- **YOUR TASK**: Among the records that follow, find the line with "Definition Pmat r" and the line with "Definition gcdl (s". Set down those lines and all lines between them exactly, without adding anything.

- **LISTED RECORDS**:
--------------------------------------------------
(* Let $P$ be a defining matrix as in the context. Then $\gcd(M(P))=\gcd(M'(P))$.
   Context: Fix integers $r\ge1$, $n_0,\dots,n_r\ge1$, vectors $l_i=(l_{i1},\dots,l_{in_i})\in\mathbb{Z}_{\ge1}^{n_i}$, $d_i\in\mathbb{Z}^{n_i}$ with $\gcd(l_{ij},d_{ij})=1$ and $d_{i1}/l_{i1}>\dots>d_{in_i}/l_{in_i}$. With $e_1,\dots,e_{r+1}$ the standard basis of $\mathbb{Z}^{r+1}$, $u=e_{r+1}$, $e_0=-(e_1+\dots+e_r)$, let $v_{ij}=l_{ij}e_i+d_{ij}u$. $P$ is the integral matrix with columns $v_{ij}$ ($0\le i\le r$, $1\le j\le n_i$) in type (ee), these together with $u$ in type (pe), with $-u$ in type (ep), with $u$ and $-u$ in type (pp); $P$ is a defining matrix if its columns generate $\mathbb{Q}^{r+1}$ as a convex cone. $M(P)$ is the set of absolute values of all $(r+1)\times(r+1)$ minors of $P$ (formed from sets of $r+1$ distinct columns). Set $\mu(j_0,\dots,j_r)=\sum_{i_0=0}^rd_{i_0j_{i_0}}\prod_{i\ne i_0}l_{ij_i}$, $\hat\mu=\mu(n_0,\dots,n_r)$, $\hat\nu(i,j)=l_{ij}d_{in_i}-l_{in_i}d_{ij}$. In type (ee), $M'(P)=\{|\hat\mu|\}\cup\{|\hat\nu(i_0,j_{i_0})|\prod_{i\ne i_0,i_1}l_{ij_i}\ ;\ 0\le i_0,i_1\le r,\ i_0\ne i_1,\ 1\le j_i\le n_i\text{ for all }i\ne i_1\}$; in types (pe),(ep),(pp), $M'(P)=\{\prod_{i\ne i_1}l_{ij_i}\ ;\ 0\le i_1\le r,\ 1\le j_i\le n_i\text{ for all }i\ne i_1\}$. *)

From mathcomp Require Import all_boot all_order all_algebra.
Unset Printing Implicit Defensive.
Import Order.TTheory GRing.Theory Num.Theory.
Local Open Scope ring_scope.

Inductive ptype := EE | PE | EP | PP.

(* Coordinates in Z^{r+1}: coordinate k (0 <= k <= r) is the coefficient of
   e_{k+1}; so u = e_{r+1} is coordinate r, e_i (1 <= i <= r) is coordinate
   i-1, and e_0 = -(e_1 + ... + e_r). Indices j are 1-based, as in the paper:
   l i j, d i j for 0 <= i <= r, 1 <= j <= n i. *)
Definition ecoord (r i k : nat) : int :=
  if i == 0%N then (if (k < r)%N then -1 else 0)
  else (if k == i.-1 then 1 else 0).

Definition ucol (r : nat) : 'I_r.+1 -> int :=
  fun k => if (k : nat) == r then 1 else 0.

Definition vcol (r : nat) (l d : nat -> nat -> int) (i j : nat) : 'I_r.+1 -> int :=
  fun k => l i j * ecoord r i k + ucol r k * d i j.

Definition cols (r : nat) (n : nat -> nat) (l d : nat -> nat -> int) (t : ptype)
  : seq ('I_r.+1 -> int) :=
  [seq vcol r l d i j | i <- iota 0 r.+1, j <- iota 1 (n i)] ++
  match t with
  | EE => [::]
  | PE => [:: ucol r]
  | EP => [:: fun k => - ucol r k]
  | PP => [:: ucol r; fun k => - ucol r k]
  end.

Definition ncols r n l d t := size (cols r n l d t).

Definition Pmat r n l d t : 'M[int]_(r.+1, ncols r n l d t) :=
  \matrix_(k, c) nth (fun _ => 0) (cols r n l d t) c k.

Definition is_defining r n l d t : Prop :=
  forall x : 'I_r.+1 -> rat, exists a : 'I_(ncols r n l d t) -> rat,
    (forall c, 0 <= a c) /\
    forall k, x k = \sum_c a c * ((Pmat r n l d t) k c)%:~R.

Definition gcdl (s : seq nat) : nat := foldr gcdn 0%N s.

Definition Mset r n l d t : seq nat :=
  [seq absz (\det (colsub (fun i => f i) (Pmat r n l d t)))
    | f : {ffun 'I_r.+1 -> 'I_(ncols r n l d t)} <- enum {ffun 'I_r.+1 -> 'I_(ncols r n l d t)} & injectiveb (fun i => f i)].

Definition mu_hat r (n : nat -> nat) (l d : nat -> nat -> int) : int :=
  \sum_(i0 < r.+1) d i0 (n i0) * \prod_(i < r.+1 | i != i0) l i (n i).

Definition nu_hat (n : nat -> nat) (l d : nat -> nat -> int) (i j : nat) : int :=
  l i j * d i (n i) - l i (n i) * d i j.

(* choices (j_i) with 1 <= j_i <= n_i for all i != i1 (j_{i1} is unused and
   fixed arbitrarily to 0, so each admissible family is listed exactly once). *)
Definition nmax r (n : nat -> nat) : nat := \max_(i < r.+1) n i.
Definition Jset r (n : nat -> nat) (i1 : 'I_r.+1)
  : seq {ffun 'I_r.+1 -> 'I_(nmax r n).+1} :=
  [seq J : {ffun 'I_r.+1 -> 'I_(nmax r n).+1} <- enum {ffun 'I_r.+1 -> 'I_(nmax r n).+1}
     | [forall i, if i == i1 then (J i == 0 :> nat)
                  else (1 <= J i <= n i)%N]].

Definition Mprime r n l d t : seq nat :=
  match t with
  | EE =>
    absz (mu_hat r n l d) ::
    flatten [seq [seq absz (nu_hat n l d p.1 (J p.1)
                        * \prod_(i < r.+1 | (i != p.1) && (i != p.2)) l i (J i))
                 | J : {ffun 'I_r.+1 -> 'I_(nmax r n).+1} <- Jset r n p.2]
            | p : 'I_r.+1 * 'I_r.+1 <- [seq (i0, i1) | i0 <- enum 'I_r.+1, i1 <- enum 'I_r.+1]
              & p.1 != p.2]
  | _ =>
    flatten [seq [seq absz (\prod_(i < r.+1 | i != i1) l i (J i)) | J : {ffun 'I_r.+1 -> 'I_(nmax r n).+1} <- Jset r n i1]
            | i1 <- enum 'I_r.+1]
  end.

(* Every maximal minor of P is the determinant of a matrix whose column c is
   lam_c e_(a c) + del_c u.  Expanding along the u-coordinate gives
   sum_p del_p (prod_(c <> p) lam_c) eps_p, where eps_p = +-1 if a is a
   bijection away from p and eps_p = 0 otherwise.  For suitable choices of
   columns this yields +-mu_hat, +-nu_hat(i0, j) prod l_(i j_i) and
   +-prod l_(i j_i) as minors, so gcd M(P) divides gcd M'(P).  Conversely, in
   types (pe), (ep), (pp) every nonzero term of the expansion is, after
   relabelling the columns, +- an element of M'(P).  In type (ee) the columns
   v_ij of a minor D are replaced one at a time by v_(i n_i): since
     l_(i n_i) v_ij = l_ij v_(i n_i) - nu_hat(i, j) u   and
     d_(i n_i) v_ij = d_ij v_(i n_i) + nu_hat(i, j) e_i,
   gcd M'(P) divides l_(i n_i) D and d_(i n_i) D as soon as it divides the
   minor obtained from D by the replacement, and l_(i n_i), d_(i n_i) are
   coprime.  Once all columns are of the form v_(i n_i) the minor is 0 or
   +-mu_hat. *)

From mathcomp Require Import all_boot all_order all_algebra.
From mathcomp Require Import ring fingroup perm.
Import Order.TTheory GRing.Theory Num.Theory.
Local Open Scope ring_scope.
--------------------------------------------------
- **ANSWER BOX**:
Definition Pmat r n l d t : 'M[int]_(r.+1, ncols r n l d t) :=
  \matrix_(k, c) nth (fun _ => 0) (cols r n l d t) c k.

Definition is_defining r n l d t : Prop :=
  forall x : 'I_r.+1 -> rat, exists a : 'I_(ncols r n l d t) -> rat,
    (forall c, 0 <= a c) /\
    forall k, x k = \sum_c a c * ((Pmat r n l d t) k c)%:~R.

Definition gcdl (s : seq nat) : nat := foldr gcdn 0%N s.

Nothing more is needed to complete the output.